卷积运算通常用星号表示：s(t)=(x∗w)(t)
在卷积网络的术语中，卷积的第一个参数（函数 x）通常叫做输入(input)，第二个参数(函数 w)叫做核函数(kernel function)，输出被称作特征映射(feature map)。

在机器学习的应用中，输入通常是多维数组的数据，而核通常是由学习算法优化得到的多维数组的参数。我们通常假设在存储了数值的有限点集以外，卷积函数的值都为零，因而我们可以通过对有限个数组元素的求和来计算卷积。卷积运算通常会在多个维度上进行。

#### 卷积的动机：
卷积运算通过三个重要的思想来帮助改进机器学习系统： 稀疏交互(sparse interactions)、参数共享(parameter sharing)、等变表示(equivariant representa-tions)。另外，卷积提供了一种处理大小可变的输入的方法。

    1）稀疏交互：传统的神经网络使用矩阵乘法来建立输入与输出的连接关系，每一个输出单元与每一个输入单元都产生交互。然而，卷积网络具有稀疏交互(sparse interactions)的特征，这是通过使核的大小远小于输入的大小来达到的。

    如果有 m 个输入和 n 个输出，那么矩阵乘法需要 m×n个参数并且相应算法的时间复杂度为 O(m×n)。如果我们限制每一个输出拥有的连接数为 k，那么稀疏的连接方法只需要 k×n 个参数以及O(k×n) 的运行时间。在实际应用中，只需保持 k 比 m小几个数量级，就能在机器学习的任务中取得好的表现。

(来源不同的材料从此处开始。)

Lemma total_probability E n x : ev Ps E -> (n <= N)%nat ->
  Pr Ps (fun w => E w /\ agree_above n x w)
  = sum_var (fun _ => true) n (fun z => Pr Ps (fun w => E w /\ agree_above 0 z w)) x.
Proof.
  intros HE. revert x; induction n as [|n IH]; intros x Hn; [reflexivity|].
  cbn [sum_var]. rewrite <- !IH by lia.
  rewrite (Pr_split Ps _ (fun w => X w (S n) = true));
    [|apply ev_inter, ev_agree_above; auto|apply ev_X].
  unfold agree_above, upd.
  f_equal; apply Pr_ext; intros w; split.
  - intros [[HEw H] Hx]. split; auto. intros l Hl.
    destruct (Nat.eqb_spec l (S n)); subst; auto. apply H. lia.
  - intros [HEw H]. specialize (H (S n) ltac:(lia)) as Hx. rewrite Nat.eqb_refl in Hx.
    repeat split; auto. intros l Hl. specialize (H l ltac:(lia)).
    destruct (Nat.eqb_spec l (S n)); subst; auto; lia.
  - intros [[HEw H] Hx]. split; auto. intros l Hl.
    destruct (Nat.eqb_spec l (S n)); subst; [apply not_true_is_false; auto|]. apply H. lia.
  - intros [HEw H]. specialize (H (S n) ltac:(lia)) as Hx. rewrite Nat.eqb_refl in Hx.
    repeat split; auto; [|congruence]. intros l Hl. specialize (H l ltac:(lia)).
    destruct (Nat.eqb_spec l (S n)); subst; auto; lia.
Qed.

Lemma Pr_as_config_sum (b : (nat -> bool) -> bool) x :
  local N (fun y => b y = true) ->
  Pr Ps (fun w => b (X w) = true)
  = sum_var (fun _ => true) N (fun z => (if b z then 1 else 0) * Pr Ps (agree_above 0 z)) x.
Proof.
  intros Hb.
  rewrite (Pr_ext Ps _ (fun w => b (X w) = true /\ agree_above N x w))
    by (intros w; unfold agree_above; split; [split; auto; intros; lia|tauto]).
  rewrite total_probability by (auto; exact (ev_local N _ Hb)).
  apply sum_var_ext. intros z _. destruct (b z) eqn:Hbz.
  - rewrite Rmult_1_l. apply Pr_ext. intros w. split; [tauto|].
    intros H. split; auto. apply (Hb z); [intros l Hl; symmetry; apply H; lia|exact Hbz].
  - rewrite Rmult_0_l. apply Pr_zero. intros w [H1 H2].
    enough (b z = true) by congruence. apply (Hb (X w)); [intros l Hl; apply H2; lia|exact H1].
Qed.

Lemma expect2_as_config_sum f (V Rr : (nat -> bool) -> nat) x :
  (forall y y', (forall l, (1 <= l <= N)%nat -> y l = y' l) -> V y = V y' /\ Rr y = Rr y') ->
  (forall y, V y <= N /\ Rr y <= N)%nat ->
  expect2 Ps N f (fun w => V (X w)) (fun w => Rr (X w))
  = sum_var (fun _ => true) N (fun z => f (V z) (Rr z) * Pr Ps (agree_above 0 z)) x.
Proof.
  intros Hloc Hbd. unfold expect2.
  transitivity (sum_var (fun _ => true) N (fun z =>
    sum_f_R0 (fun v => sum_f_R0 (fun r =>
      f v r * ((if Nat.eqb (V z) v && Nat.eqb (Rr z) r then 1 else 0)
               * Pr Ps (agree_above 0 z))) N) N) x).
  - rewrite sum_var_sum. apply sum_eq; intros v _.
    rewrite sum_var_sum. apply sum_eq; intros r _.
    rewrite sum_var_scal, <- Pr_as_config_sum.
    + f_equal. apply Pr_ext. intros w. rewrite andb_true_iff, !Nat.eqb_eq. tauto.
    + intros y y' Hyy'. destruct (Hloc y y' Hyy') as [-> ->]. auto.
  - apply sum_var_ext. intros z _. destruct (Hbd z) as [HV HR].
    rewrite (sum_eq _ (fun v => if Nat.eqb (V z) v
                                then f v (Rr z) * Pr Ps (agree_above 0 z) else 0)).
    + apply sum_indicator; auto.
    + intros v _. destruct (Nat.eqb (V z) v); simpl.
      * rewrite (sum_eq _ (fun r => if Nat.eqb (Rr z) r
                                    then f v r * Pr Ps (agree_above 0 z) else 0)).
        -- apply sum_indicator; auto.
        -- intros r _. destruct (Nat.eqb (Rr z) r); ring.
      * rewrite (sum_eq _ (fun _ => 0)), sum_cte by (intros; ring). ring.
Qed.
End IndicatorVector.

Section Factorization.
Variables (Ps : ProbSpace) (N : nat) (p : nat -> Ps -> R) (null : nat -> bool) (rho : R).
Hypothesis Hmeas : forall l u, ev Ps (fun w => p l w <= u).
Hypothesis Hind : nulls_indep Ps N null p.
Hypothesis Hrho : forall l, (1 <= l <= N)%nat -> null l = true ->
  Pr Ps (fun w => p l w <= 1/2) = rho.

(** For n = 0 this is a joint CDF
    event of the p-values; for n = N it fixes X = z on [A]. *)
Definition pattern (A : nat -> bool) (n : nat) (z : nat -> bool) (w : Ps) : Prop :=
  forall l, (1 <= l <= N)%nat -> A l = true ->
    (z l = true -> X Ps p w l = true) /\ ((l <= n)%nat -> z l = false -> X Ps p w l = false).

Definition nonnull (l : nat) : bool := negb (null l).

Definition partial_weight (n : nat) (z : nat -> bool) (l : nat) : R :=
  if null l then (if z l then rho else if Nat.leb l n then 1 - rho else 1) else 1.

Lemma ev_pattern A n z : ev Ps (pattern A n z).
Proof.
  apply (ev_local Ps p Hmeas N (fun y => forall l, (1 <= l <= N)%nat -> A l = true ->
    (z l = true -> y l = true) /\ ((l <= n)%nat -> z l = false -> y l = false))).
  intros y y' Hyy H l Hl HA. rewrite <- Hyy by lia. auto.
Qed.
(* Let $R=(\mathbb{C},\mathbb{C}^4,\mathbb{C};u_0,\dots,u_3,v_0,\dots,v_3)$ be a representation of $\mathbf{Q}$ with dimension vector $(1,4,1)$. If $R$ is globally injective, then $R$ is not locally surjective if and only if $R$ has a subrepresentation of dimension vector $(1,b,0)$ for some $b\in\{0,1,2,3,4\}$. If $R$ is globally surjective, then $R$ is not locally injective if and only if $R$ has a subrepresentation of dimension vector $(1,b,0)$ for some $b\in\{0,1,2,3,4\}$.
   Context: The quiver $\mathbf{Q}$ has vertices $-1,0,1$, arrows $\eta_0,\dots,\eta_3:-1\to0$, $\phi_0,\dots,\phi_3:0\to1$ and relations $\phi_i\eta_j+\phi_j\eta_i=0$; a representation consists of vector spaces $V_{-1},V_0,V_1$ and linear maps $u_i:V_{-1}\to V_0$, $v_i:V_0\to V_1$ with $v_iu_j+v_ju_i=0$. $R$ is globally injective (resp. surjective) if $\sum\lambda_iu_i$ is injective (resp. $\sum\lambda_iv_i$ is surjective) for all $\lambda\in\mathbb{C}^4\setminus\{0\}$; locally injective (resp. surjective) if this holds for all $[\lambda]\in\mathbb{P}^3$ outside a closed subset of codimension at least 2. *)

From HB Require Import structures.
From mathcomp Require Import all_boot all_algebra.
From mathcomp Require Import complex Rstruct.
From mathcomp Require Import mpoly.
Set Implicit Arguments. Unset Strict Implicit. Unset Printing Implicit Defensive.
Import GRing.Theory Num.Theory.
Local Open Scope ring_scope.

Definition C : numClosedFieldType := complex Rdefinitions.R.

(* A point of P^3 is represented by a nonzero vector of C^4 (homogeneous
   coordinates); subsets of P^3 are predicates on C^4 considered only on
   nonzero vectors (all sets below are scaling-invariant by construction). *)
Definition pt := 'I_4 -> C.
Definition nonzero (x : pt) : Prop := exists i, x i != 0.
Definition pset := pt -> Prop.

Definition zclosed (Z : pset) : Prop :=
  exists S : {mpoly C[4]} -> Prop,
    (forall p, S p -> exists d : nat, p \is d.-homog) /\
    (forall x, nonzero x -> (Z x <-> forall p, S p -> p.@[x] = 0)).

Definition psub (Y Z : pset) : Prop := forall x, nonzero x -> Y x -> Z x.
Definition pstrict (Y Z : pset) : Prop :=
  psub Y Z /\ exists x, nonzero x /\ Z x /\ ~ Y x.

Definition irreducible_closed (Y : pset) : Prop :=
  [/\ zclosed Y, (exists x, nonzero x /\ Y x) &
      forall A B, zclosed A -> zclosed B ->
        psub Y (fun x => A x \/ B x) -> psub Y A \/ psub Y B].

(* codimension of Y in P^3 is >= k : there is a strictly increasing chain
   Y = Y_0 < Y_1 < ... < Y_k of irreducible closed subsets of P^3 *)
Definition irr_codim_ge (k : nat) (Y : pset) : Prop :=
  exists c : nat -> pset,
    [/\ psub Y (c 0%N), psub (c 0%N) Y,
        (forall i, (i <= k)%N -> irreducible_closed (c i)) &
        (forall i, (i < k)%N -> pstrict (c i) (c i.+1))].

(* A closed set Z has codimension >= k iff every irreducible component
   (equivalently every irreducible closed subset) of Z has codim >= k. *)
Definition codim_ge (k : nat) (Z : pset) : Prop :=
  forall Y, irreducible_closed Y -> psub Y Z -> irr_codim_ge k Y.

(* Vector spaces V_{-1} = C^nm, V_0 = C^n0, V_1 = C^n1, linear maps written
   in row-vector convention: u_i : w |-> w *m u i, v_i : w |-> w *m v i.
   Hence the composite v_i u_j is the matrix u j *m v i. *)
Definition is_rep (nm n0 n1 : nat)
  (u : 'I_4 -> 'M[C]_(nm, n0)) (v : 'I_4 -> 'M[C]_(n0, n1)) : Prop :=
  forall i j : 'I_4, u j *m v i + u i *m v j = 0.

Definition lincomb (m n : nat) (x : pt) (f : 'I_4 -> 'M[C]_(m, n)) : 'M[C]_(m, n) :=
  \sum_(i < 4) x i *: f i.

Definition injective_at (nm n0 : nat) (u : 'I_4 -> 'M[C]_(nm, n0)) (x : pt) : Prop :=
  injective (fun w : 'rV[C]_nm => w *m lincomb x u).

Definition surjective_at (n0 n1 : nat) (v : 'I_4 -> 'M[C]_(n0, n1)) (x : pt) : Prop :=
  forall y : 'rV[C]_n1, exists w : 'rV[C]_n0, w *m lincomb x v = y.

Definition globally_injective nm n0 (u : 'I_4 -> 'M[C]_(nm, n0)) : Prop :=
  forall x, nonzero x -> injective_at u x.
Definition globally_surjective n0 n1 (v : 'I_4 -> 'M[C]_(n0, n1)) : Prop :=
  forall x, nonzero x -> surjective_at v x.

Definition locally_injective nm n0 (u : 'I_4 -> 'M[C]_(nm, n0)) : Prop :=
  exists Z, [/\ zclosed Z, codim_ge 2 Z &
                forall x, nonzero x -> ~ Z x -> injective_at u x].
Definition locally_surjective n0 n1 (v : 'I_4 -> 'M[C]_(n0, n1)) : Prop :=
  exists Z, [/\ zclosed Z, codim_ge 2 Z &
                forall x, nonzero x -> ~ Z x -> surjective_at v x].

Definition has_subrep nm n0 n1
  (u : 'I_4 -> 'M[C]_(nm, n0)) (v : 'I_4 -> 'M[C]_(n0, n1)) (a b c : nat) : Prop :=
  exists (Wm : 'M[C]_nm) (W0 : 'M[C]_n0) (W1 : 'M[C]_n1),
    [/\ \rank Wm = a, \rank W0 = b, \rank W1 = c,
        (forall i, (Wm *m u i <= W0)%MS) &
        (forall i, (W0 *m v i <= W1)%MS)].
Inductive trans : env -> sys -> label -> sys -> Prop :=
  | tSnd G c e P v :
      eval e = Some v ->
      trans G (SProc (PSnd c e P)) (LSnd c v) (SProc (sigma_n (delta Sg v) P))
  | tRcv G c x P Q v :
      idle G c -> trans G (SProc (PRcv c x P Q)) (LRcv c v) (SActRcv c x P)
  | tRcvIgn G W c v :
      ~ rcv_conf G W c -> trans G W (LRcv c v) W
  | tSyncL G W1 W2 W1' W2' c v :
      trans G W1 (LSnd c v) W1' -> trans G W2 (LRcv c v) W2' ->
      trans G (SPar W1 W2) (LSnd c v) (SPar W1' W2')
  | tSyncR G W1 W2 W1' W2' c v :
      trans G W1 (LRcv c v) W1' -> trans G W2 (LSnd c v) W2' ->
      trans G (SPar W1 W2) (LSnd c v) (SPar W1' W2')
  | tRcvPar G W1 W2 W1' W2' c v :
      trans G W1 (LRcv c v) W1' -> trans G W2 (LRcv c v) W2' ->
      trans G (SPar W1 W2) (LRcv c v) (SPar W1' W2')
  | tTimeNil G : trans G (SProc PNil) LSig (SProc PNil)
  | tSleep G P : trans G (SProc (PSigma P)) LSig (SProc P)
  | tActRcv G c x P :
      1 < fst (G c) -> trans G (SActRcv c x P) LSig (SActRcv c x P)
  | tEndRcv G c x P :
      fst (G c) = 1 -> trans G (SActRcv c x P) LSig (SProc (subst_p x (snd (G c)) P))
  | tTimeout G c x P Q :
      idle G c -> trans G (SProc (PRcv c x P Q)) LSig (SProc Q)
  | tRcvLate G c x P Q :
      exposed G c ->
      trans G (SProc (PRcv c x P Q)) LTau (SActRcv c x (subst_p x (err Sg) P))
  | tTau G P : trans G (SProc (PTau P)) LTau (SProc P)
  | tThen G b P Q : beval G b -> trans G (SProc (PIf b P Q)) LTau (SProc (PSigma P))
  | tElse G b P Q : ~ beval G b -> trans G (SProc (PIf b P Q)) LTau (SProc (PSigma Q))
  | tTimePar G W1 W2 W1' W2' :
      trans G W1 LSig W1' -> trans G W2 LSig W2' ->
      trans G (SPar W1 W2) LSig (SPar W1' W2')
  | tTauParL G W1 W2 W1' :
      trans G W1 LTau W1' -> trans G (SPar W1 W2) LTau (SPar W1' W2)
  | tTauParR G W1 W2 W2' :
      trans G W2 LTau W2' -> trans G (SPar W1 W2) LTau (SPar W1 W2')
  | tRec G X P l W :
      trans G (SProc (subst_X X (PFix X P) P)) l W -> trans G (SProc (PFix X P)) l W
  | tSumL G P Q l W :
      (l = LTau \/ exists c v, l = LSnd c v) ->
      trans G (SProc P) l W -> trans G (SProc (PSum P Q)) l W
  | tSumR G P Q l W :
      (l = LTau \/ exists c v, l = LSnd c v) ->
      trans G (SProc Q) l W -> trans G (SProc (PSum P Q)) l W
  | tSumTime G P Q P' Q' :
      trans G (SProc P) LSig (SProc P') -> trans G (SProc Q) LSig (SProc Q') ->
      trans G (SProc (PSum P Q)) LSig (SProc (PSum P' Q'))
  | tSumRcvL G P Q c v W :
      trans G (SProc P) (LRcv c v) W -> rcv_conf G (SProc P) c ->
      trans G (SProc (PSum P Q)) (LRcv c v) W
  | tSumRcvR G P Q c v W :
      trans G (SProc Q) (LRcv c v) W -> rcv_conf G (SProc Q) c ->
      trans G (SProc (PSum P Q)) (LRcv c v) W
  | tResI G c n v W W' w :
      trans (upd G c (n, v)) W (LSnd c w) W' ->
      trans G (SRes c n v W) LTau
        (SRes c (fst (act_env (LSnd c w) (upd G c (n, v)) c))
                (snd (act_env (LSnd c w) (upd G c (n, v)) c)) W')
  | tResV G c n v W W' l :
      ~ ch_in_label c l ->
      trans (upd G c (n, v)) W l W' ->
      trans G (SRes c n v W) l
        (SRes c (fst (act_env l (upd G c (n, v)) c))
                (snd (act_env l (upd G c (n, v)) c)) W')
  | tResAlpha G c d n v W l W' :
      ~ free_ch d (SRes c n v W) ->
      trans G (SRes d n v (swap_s c d W)) l W' ->
      trans G (SRes c n v W) l W'.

    2）参数共享：参数共享(parameter sharing)是指在一个模型的多个函数中使用相同的参数。

    在传统的神经网络中，当计算一层的输出时，权重矩阵的每一个元素只使用一次。而在卷积神经网络中，核的每一个元素都作用在输入的每一位置上（是否考虑边界像素取决于对边界决策的设计）。卷积运算中的参数共享保证了我们只需要学习一个参数集合，而不是对于每一位置都需要学习一个单独的参数集合。

    3）等变表示：如果一个函数满足输入改变，输出也以同样的方式改变这一性质，我们就说它是等变(equivariant)的。特别地，如果函数 f(x) 与 g(x)满足 f(g(x))=g(f(x))， 我们就说 f(x) 对于变换 g 具有等变性。


## 池化运算的定义、种类（最大池化、平均池化等）
    3.1 池化作用
     池化是缩小高、长方向上的空间的运算。pooling的结果是使得特征减少，参数减少，但pooling的目的并不仅在于此。pooling目的是为了保持某种不变性（旋转、平移、伸缩等）。

    3.2 池化分类
      常用的有mean-pooling，max-pooling和Stochastic-pooling三种。mean-pooling，即对邻域内特征点只求平均，max-pooling，即对邻域内特征点取最大。根据相关理论，特征提取的误差主要来自两个方面：（1）邻域大小受限造成的估计值方差增大；（2）卷积层参数误差造成估计均值的偏移。

    mean-pooling能减小第一种误差（邻域大小受限造成的估计值方差增大），更多的保留图像的背景信息，

    max-pooling能减小第二种误差（卷积层参数误差造成估计均值的偏移），更多的保留纹理信息。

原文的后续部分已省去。